* Assignment
Word for word, transcribe the data below from the line with "Hypotheses (HP : multialgebra" to the line with "pfixed P Q -> (forall i, Q i != set0) ->", keeping both of those lines.

* Collected data
Theorem mainTheorem13 (N j : nat) (hj : (1 <= j)%N) :
  (-1) ^+ j.+1 * E N j / (((2*N + j)`!)%:R : rat) =
    (j - 1)%:R * ((2*N + 1)`!)%:R / ((4*N + j + 3)`!)%:R *
      (2 * ((2*N + 1)`!)%:R / ((N`!)%:R * ((N.+1)`!)%:R) - 2 ^+ (2*N + 2))
  - ((2*N + 2)`!)%:R / ((4*N + j + 3)`!)%:R *
      (4 * ((2*N + 1)`!)%:R / ((N`!)%:R * ((N.+1)`!)%:R) + 2 ^+ (2*N + 3))
  - (j - 1)%:R * ((N + j - 1)`!)%:R * (N`!)%:R
      / (((2*N + j)`!)%:R * ((2*N + j + 1)`!)%:R)
  + 2 * (j - 1)%:R * ((2*N + 2)`!)%:R / (((2*N + j + 1)`!)%:R * ((N.+1)`!)%:R) *
      \sum_(N <= h < (2*N + 1).+1)
        ((h + j - 1)`!)%:R * ((h.+1)`!)%:R / (((h - N)`!)%:R * ((2*N + j + h + 2)`!)%:R).
Proof.
rewrite E_reduced // Phi_top // rhs_sum_closed // natrB //.
rewrite (_ : (4*N + j + 3 = (4*N + j + 2).+1)%N); last lia.
rewrite (_ : (2*N + 2 = (2*N + 1).+1)%N); last lia.
rewrite (_ : (2*N + 3 = (2*N + 1).+2)%N); last lia.
rewrite (_ : (2*N + j + 1 = (2*N + j).+1)%N); last lia.
rewrite !natr_factS !exprS.
have := natr_fact_neq0 N; have := natr_fact_neq0 (2*N + j); have := natr_fact_neq0 (N + j - 1);
have := natr_fact_neq0 (2*N + 1); have := natr_fact_neq0 (4*N + j + 2).
move: (N`!)%:R ((2*N + j)`!)%:R ((N + j - 1)`!)%:R ((2*N + 1)`!)%:R ((4*N + j + 2)`!)%:R
  (trunc_conv N j) (2 ^+ (2*N + 1) : rat) => a b c d e t p he hd hc hb ha; field_nat.
Qed.
Lemma aclosure_sym_sub (E : finType) (N N' : E -> E -> multirel T) :
  clos_refl_trans _ (nstep alg P (E:=E)) N N' -> nsym N -> nsym N' /\ nsub N' N.
Proof.
move=> reach symN.
apply: (clos_rt_invariant (I := fun N1 => nsym N1 /\ nsub N1 N) _ reach).
  move=> N1 N2 /nstep_sym_sub step12 [/step12 [symN2 sub21] sub1].
  by split=> // a b i; apply: subset_trans (sub21 a b i) (sub1 a b i).
by split=> // a b i.
Qed.

Lemma aclosure_exists (E : finType) (N : E -> E -> multirel T) :
  nsym N -> exists N', aclosure alg P N N'.
Proof.
apply: (clos_rt_normal_form (size := @nsize E)) => {}N symN /not_and_or [].
  case/not_all_ex_not => x /not_all_ex_not [z] /(@imply_to_and (x != z)) [xz not_fixed].
  have [R [reach fixedR]] := pclosure_exists (N x z).
  have neR : R <> N x z by move=> eR; apply: not_fixed; rewrite -eR.
  have [symN1 lt_N1] := nupd_progress xz symN (pclosure_sub reach) neR.
  by exists (nupd alg N x z R); split=> //; left; exists x, z, R.
case/not_all_ex_not => x /not_all_ex_not [y /not_all_ex_not [z]].
case/(@imply_to_and (x != y)) => xy /(@imply_to_and (y != z)) [yz].
case/(@imply_to_and (x != z)) => xz not_fixed.
set R := minter (N x z) (mcomp alg (N x y) (N y z)).
have sub : msub R (N x z) by move=> i; apply: subsetIl.
have [symN1 lt_N1] := nupd_progress xz symN sub not_fixed.
by exists (nupd alg N x z R); split=> //; right; exists x, y, z.
Qed.

End Closures.

Section Soundness.
Variables (P : projs T) (U : Type) (phi : multirel T -> U -> U -> Prop).
Hypothesis HF : seq_formalism alg P phi.

Definition is_solution (E : finType) (N : E -> E -> multirel T) (u : E -> U) : Prop :=
  forall a b, a != b -> phi (N a b) (u a) (u b).

Lemma phi_sub R R' u v : msub R R' -> phi R u v -> phi R' u v.
Proof.
have [_ [_ [_ [_ [_ [_ [phiI _]]]]]]] := HF.
move=> sub; have <- : minter R R' = R.
  by apply: functional_extensionality_dep => i; apply/setIidPl/sub.
by case/phiI.
Qed.

Lemma phi_nonempty R u v i : phi R u v -> R i != set0.
Proof.
have [_ [_ [_ [_ [_ [_ [_ phiB]]]]]]] := HF.
case/phiB => B [basicB [subB _]]; have [neB _] := basicB i.
by apply: contraNneq neB => Ri0; rewrite -subset0 -Ri0 subB.
Qed.

Lemma is_solution_nupd (E : finType) (N : E -> E -> multirel T) u x z R :
  is_solution N u -> phi R (u x) (u z) -> is_solution (nupd alg N x z R) u.
Proof.
have [_ [_ [_ [phiC _]]]] := HF.
move=> solN phiR a b ab; rewrite /nupd.
case: andP => [[/eqP -> /eqP ->] // | _]; case: andP => [[/eqP -> /eqP ->] | _].
  exact/phiC.
exact: solN.
Qed.

Lemma nstep_solution (E : finType) (N N' : E -> E -> multirel T) u :
  nstep alg P N N' -> is_solution N u -> is_solution N' u.
Proof.
have [_ [_ [phiP [_ [_ [phiM [phiI _]]]]]]] := HF.
case=> [[x [z [R [xz [reach ->]]]]] | [x [y [z [xy yz xz ->]]]]] solN.
  by apply: is_solution_nupd => //; apply/(phiP _ _ reach)/solN.
apply: is_solution_nupd => //; apply/phiI; split; first exact: solN.
apply: (phiM _ _ _ (u y)); [exact: solN | exact: solN |].
by apply: phi_sub (solN x z xz) => i; apply: subsetT.
Qed.

Lemma aclosure_sound (E : finType) (N N' : E -> E -> multirel T) :
  satisfiable phi N -> clos_refl_trans _ (nstep alg P (E:=E)) N N' ->
  ~ triv_inconsistent N'.
Proof.
case=> u solN reach [x [y [xy [i N'xy0]]]].
have solN' := clos_rt_invariant (fun N1 N2 => @nstep_solution E N1 N2 u) reach solN.
by have := phi_nonempty i (solN' x y xy); rewrite N'xy0 eqxx.
Qed.

End Soundness.

Section Weakening.
Variables P P' : projs T.
Arguments P : clear implicits.
Arguments P' : clear implicits.
Hypotheses (HP : multialgebra alg P) (HW : weakening alg P P').

Lemma proj_weaken i j (A : {set T i}) :
  i != j -> A != set0 -> P i j A \subset P' i j A.
Proof.
move=> ij; apply: morph_setU_subset_nonempty => [||t].
- exact: (HP.2 i j ij).1.
- exact: (HW.1.2 i j ij).1.
- exact: HW.2 i j ij _ (atom_set1 t).
Qed.

Lemma pclosure_weaken_sup (Q R R' : multirel T) :
  pfixed P Q -> (forall i, Q i != set0) ->
  clos_refl_trans _ (pstep P') R R' -> msub Q R -> msub Q R'.
Proof.
move=> fixedQ neQ; apply: clos_rt_invariant => R1 _ [i [j [ij ->]]] QR k.
case: eqP => [-> | _]; last exact: QR.
rewrite -(fixedQ i j ij) setISS ?QR //.
apply: subset_trans (proj_weaken ij (neQ i)) _.
exact: morph_setU_subset (HW.1.2 i j ij).1 _ _ (QR i).
Qed.

Lemma aclosure_weaken_sup (E : finType) (Q N N' : E -> E -> multirel T) :
  nsym Q -> nfixed alg P Q -> (forall a b, a != b -> forall i, Q a b i != set0) ->
  clos_refl_trans _ (nstep alg P' (E:=E)) N N' -> nsub Q N -> nsub Q N'.
Proof.
move=> symQ [pfixedQ compfixedQ] neQ; apply: clos_rt_invariant => N1 N2.
case=> [[x [z [R [xz [[reach _] ->]]]]] | [x [y [z [xy yz xz ->]]]]] QN;
  apply: nupd_sup => //.
  exact: pclosure_weaken_sup (pfixedQ x z xz) (neQ x z xz) reach (QN x z).
move=> i; rewrite -(compfixedQ x y z xy yz xz).
exact: setISS (QN x z i) (comp_subset (Halg i) (QN x y i) (QN y z i)).
Qed.

End Weakening.
End Networks.

Theorem proposition6p27 (m : nat) (T : 'I_m -> finType) (alg : forall i, nalg (T i))
  (P P' : projs T) (U : Type) (phi : multirel T -> U -> U -> Prop)
  (S : multirel T -> Prop) :
  seq_formalism alg P phi ->
  weakening alg P P' ->
  alg_tractable alg P' phi S ->
  alg_tractable alg P phi S.
Proof.
move=> HF HW tractableP' E N netN N' [reachN' fixedN'].
have symN : nsym alg N by move=> x y xy; apply: (netN x y xy).2.
split=> [satN | consistentN']; first exact: (aclosure_sound HF satN reachN').
have neN' : forall a b, a != b -> forall i, N' a b i != set0.
  move=> a b ab i; apply/eqP => N'ab0.
  by apply: consistentN'; exists a, b; split=> //; exists i.
have [symN' subN'N] := aclosure_sym_sub HF.1.1 reachN' symN.
have [N'' [reachN'' fixedN'']] := aclosure_exists HW.1.1 P' symN.
apply/(tractableP' E N netN N'' (conj reachN'' fixedN'')) => - [x [y [xy [i N''xy0]]]].
have := aclosure_weaken_sup HF.1.1 HF.1 HW symN' fixedN' neN' reachN'' subN'N x y i.
by rewrite N''xy0 subset0; apply/negP/neN'.
Qed.
Lemma floorV_bounds y : Irr y ->
  [/\ (0 < floorV y)%N, (floorV y)%:R * y < 1 & 1 < (floorV y).+1%:R * y].
Proof.
case/IrrP=> y0 y1 ny.
have /andP [lo hi] := floor_itv (y^-1).
set f := Num.floor y^-1 in lo hi *.
have f1 : 1 <= f.
  by rewrite -[1]/(1%:Z) floor_ge_int /f -[1%:~R]/(1 : R) le_invr_mul1 // mul1r ltW.
have ef : (floorV y)%:R = f%:~R :> R.
  by rewrite /floorV -/f natr_absz ger0_norm // (le_trans _ f1).
have fne : f%:~R != y^-1 :> R.
  apply/eqP => e; apply: ny; exists (f%:~R^-1).
  by rewrite fmorphV rmorph_int e invrK.
have lt_f : f%:~R < y^-1 :> R by rewrite lt_neqAle fne lo.
split.
- by rewrite /floorV -/f; lia.
- by rewrite ef -lt_invr_mul1.
- by rewrite -natr1 ef -invr_lt_mul1 // -[1]/(1%:~R : R) -intrD.
Qed.

Lemma floorV_unique (K : nat) y : 0 < y -> K%:R * y < 1 -> 1 < K.+1%:R * y ->
  floorV y = K.
Proof.
move=> y0 lt_Ky lt_K1y.
rewrite /floorV (_ : Num.floor y^-1 = K%:Z) //.
apply: floor_def; have -> : K%:Z + 1 = K.+1%:Z by lia.
by rewrite -!pmulrn le_invr_mul1 // invr_lt_mul1 // lt_K1y ltW.
Qed.

Lemma Tmap_odd_branch y (K : nat) : 0 < y -> K%:R * y < 1 -> 1 < K.+1%:R * y ->
  odd K -> [/\ Tmap y = K.+1%:R * y - 1, d1 y = K.+1%:Z & s1 y = 1].
Proof.
move=> y0 lt_Ky lt_K1y oK.
have [k ek] : exists k, K.+1 = (2 * k)%N by exists (K.+1 %/ 2)%N; lia.
have k1 : (1 <= k)%N by lia.
have e2k : 2 * k%:R = K.+1%:R :> R by rewrite ek natrM.
have e2k1 : 2 * k%:R - 1 = K%:R :> R by rewrite e2k -addn1 natrD addrK.
have K0 : (0 < K)%N by case: K oK {lt_Ky lt_K1y ek e2k e2k1}.
have Ky : (K.+1%:R)^-1 <= y < (K%:R)^-1.
  rewrite invr_le_mul1 ?lt_invr_mul1 ?ltr0n // mulrC (mulrC y).
  by rewrite lt_Ky ltW.
have inAy : inA y by exists k; rewrite e2k1 e2k.
have ceilE : Num.ceil y^-1 = K.+1%:Z.
  apply: ceil_def; have -> : K.+1%:Z - 1 = K%:Z by lia.
  by rewrite -!pmulrn lt_invr_mul1 // invr_le_mul1 // lt_Ky ltW.
rewrite /d1 /s1 asboolT // ceilE; split=> //.
rewrite /Tmap asboolT; first by rewrite ceilE -pmulrn.
exists k; split=> //; rewrite e2k1 e2k.
by rewrite invr_lt_mul1 ?ltr0n // lt_invr_mul1 ?ltr0n // ![y * _]mulrC lt_Ky lt_K1y.
Qed.

Lemma Tmap_even_branch y (K : nat) : 0 < y -> K%:R * y < 1 -> 1 < K.+1%:R * y ->
  (0 < K)%N -> ~~ odd K -> [/\ Tmap y = 1 - K%:R * y, d1 y = K%:Z & s1 y = -1].
Proof.
move=> y0 lt_Ky lt_K1y K0 eK.
have [k ek] : exists k, K = (2 * k)%N by exists (K %/ 2)%N; lia.
have k1 : (1 <= k)%N by lia.
have e2k : 2 * k%:R = K%:R :> R by rewrite ek natrM.
have notA : forall k' : nat, (1 <= k')%N -> (2 * k'%:R)^-1 <= y ->
    ~ (y < (2 * k'%:R - 1)^-1).
  move=> k' k'1 lo hi.
  have e' : 2 * k'%:R = (2 * k')%:R :> R by rewrite natrM.
  have e1 : 2 * k'%:R - 1 = (2 * k').-1%:R :> R.
    by rewrite e' -[in LHS](@prednK (2 * k')) ?muln_gt0 // -addn1 natrD addrK.
  rewrite e1 lt_invr_mul1 ?ltr0n 1?mulrC in hi; last by lia.
  rewrite e' invr_le_mul1 ?ltr0n 1?mulrC in lo; last by lia.
  have : (K < 2 * k')%N by rewrite -(ltr_nat R) -(ltr_pM2r y0) (lt_le_trans lt_Ky).
  have : ((2 * k').-1 < K.+1)%N by rewrite -(ltr_nat R) -(ltr_pM2r y0) (lt_trans hi).
  by move: eK; rewrite ek; lia.
have notAy : ~ inA y by case=> k' [k'1 /andP [lo hi]]; apply: (notA k').
have floorE : Num.floor y^-1 = K%:Z.
  apply: floor_def; have -> : K%:Z + 1 = K.+1%:Z by lia.
  by rewrite -!pmulrn le_invr_mul1 // invr_lt_mul1 // lt_K1y ltW.
rewrite /d1 /s1 asboolF // floorE; split=> //.
rewrite /Tmap asboolF; last first.
  by case=> k' [k'1 /andP [lo hi]]; apply: (notA k' k'1 (ltW lo)).
rewrite asboolT; first by rewrite floorE -pmulrn.
exists k; split=> //; rewrite e2k natr1.
by rewrite invr_lt_mul1 ?ltr0n // lt_invr_mul1 ?ltr0n // ![y * _]mulrC lt_Ky lt_K1y.
Qed.

Lemma Tmap_digit y : Irr y -> let K := floorV y in
  [/\ Tmap y = (if odd K then K.+1%:R * y - 1 else 1 - K%:R * y),
      d1 y = (if odd K then K.+1%:Z else K%:Z) &
      s1 y = (if odd K then 1 else -1)].
Proof.
move=> hy K; have [K0 lt_Ky lt_K1y] := floorV_bounds hy.
have [y0 _ _] := IrrP hy.
case: ifP => oK; first by have [-> -> ->] := Tmap_odd_branch y0 lt_Ky lt_K1y oK.
by have [-> -> ->] := Tmap_even_branch y0 lt_Ky lt_K1y K0 (negbT oK).
Qed.

Lemma Irr_Tmap y : Irr y -> Irr (Tmap y).
Proof.
move=> hy; have [K0 lt_Ky lt_K1y] := floorV_bounds hy.
have [[-> _ _] [y0 _ ny]] := (Tmap_digit hy, IrrP hy).
move: lt_Ky lt_K1y; set K := floorV y => lt_Ky lt_K1y.
have K1 : (1 : R) <= K%:R by rewrite ler1n.
rewrite -natr1 in lt_K1y *.
case: ifP => _.
  split; first by apply/andP; split; nra.
  have K1n0 : (K.+1%:Q) != 0 by rewrite pnatr_eq0.
  move: (irrational_affine (b := -1) K1n0 ny); apply: contra_not => -[q hq]; exists q.
  by rewrite rmorph_nat rmorphN rmorph1 -hq natr1.
split; first by apply/andP; split; nra.
have Kn0 : (- K%:Q) != 0 by rewrite oppr_eq0 pnatr_eq0 -lt0n.
move: (irrational_affine (b := 1) Kn0 ny); apply: contra_not => -[q hq]; exists q.
by rewrite rmorphN rmorph_nat rmorph1 -hq mulNr addrC.
Qed.

End Digits.

Section Orbit.
Variable R : realType.

Definition Torbit n (x : R) : R := iter n (@Tmap R) x.

(* The denominator [d_n - 1] or [d_n + 1] of hypotheses (iii)/(iv) for [Y_(n+1)]. *)
Definition odd_scale n (x : R) : nat :=
  if n is n'.+1 then
    let K := floorV (Torbit n' x) in if odd K then K else K.+1
  else 1.

Lemma TorbitS n x : Torbit n.+1 x = Tmap (Torbit n x).
Proof. by []. Qed.
(* For all $n\ge 2$, \[\left|\mathrm{Av}_n[\overline{23}14]\right|=\sum_{i=0}^{n-2}\binom{n-2}{i}A_i,\] where $A_i$ is the number of strongly monotone partitions of $[i]$ (with $A_0=1$).
   Context: For $\sigma\in S_n$, the cyclic permutation $[\sigma]$ is the set of all rotations of $\sigma$; $[S_n]$ is the set of cyclic permutations of length $n$. $[\sigma]$ contains the vincular pattern $[\overline{23}14]$ if some rotation of $\sigma$ has entries $a,b,c,d$ appearing in this order with $a,b$ adjacent and $c<a<b<d$; $\mathrm{Av}_n[\overline{23}14]$ is the set of $[\sigma]\in[S_n]$ not containing it. A set partition of $[i]$ is strongly monotone if, when its blocks are sorted so that their minimum elements are increasing, their maximum elements are also increasing. *)

From mathcomp Require Import all_boot all_order all_fingroup.
Set Implicit Arguments. Unset Strict Implicit. Unset Printing Implicit Defensive.

(* A permutation s : 'S_n is identified with the word s(0) s(1) ... s(n-1)
   (values in {0,..,n-1}; shifting to {1..n} does not affect patterns). *)

Definition cshift n : 'S_n := perm (@ordS_inj n).

(* k-th rotation of s: the word s(k) s(k+1) ... s(n-1) s(0) ... s(k-1);
   recall (a * b) x = b (a x) for permutations *)
Definition rotation n (k : nat) (s : 'S_n) : 'S_n := (cshift n ^+ k * s)%g.

Definition cyc n (s : 'S_n) : {set 'S_n} := [set rotation (val k) s | k : 'I_n].

(* the word s contains the vincular pattern 23-1-4 (with 2,3 adjacent):
   positions i < i+1 < k < l with s k < s i < s (i+1) < s l *)
Definition contains_2314 n (s : 'S_n) : bool :=
  [exists i : 'I_n, exists j : 'I_n, exists k : 'I_n, exists l : 'I_n,
     [&& val j == (val i).+1, j < k, k < l,
         s k < s i, s i < s j & s j < s l]].

Definition cyc_contains n (s : 'S_n) : bool :=
  [exists t in cyc s, contains_2314 t].

Definition Av_cyc n : {set {set 'S_n}} :=
  [set cyc s | s in [set s : 'S_n | ~~ cyc_contains s]].

Definition bmin i (B : {set 'I_i}) : nat := \big[minn/i]_(x in B) val x.
Definition bmax i (B : {set 'I_i}) : nat := \max_(x in B) val x.

Definition strongly_monotone i (P : {set {set 'I_i}}) : bool :=
  [forall B in P, forall C in P, (bmin B < bmin C) ==> (bmax B < bmax C)].

Definition A_sm (i : nat) : nat :=
  #|[set P : {set {set 'I_i}} | partition P [set: 'I_i] && strongly_monotone P]|.

From mathcomp Require Import all_boot all_order all_fingroup.
From mathcomp Require Import zify.
Set Implicit Arguments. Unset Strict Implicit. Unset Printing Implicit Defensive.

* Answer box
Hypotheses (HP : multialgebra alg P) (HW : weakening alg P P').

Lemma proj_weaken i j (A : {set T i}) :
  i != j -> A != set0 -> P i j A \subset P' i j A.
Proof.
move=> ij; apply: morph_setU_subset_nonempty => [||t].
- exact: (HP.2 i j ij).1.
- exact: (HW.1.2 i j ij).1.
- exact: HW.2 i j ij _ (atom_set1 t).
Qed.

Lemma pclosure_weaken_sup (Q R R' : multirel T) :
  pfixed P Q -> (forall i, Q i != set0) ->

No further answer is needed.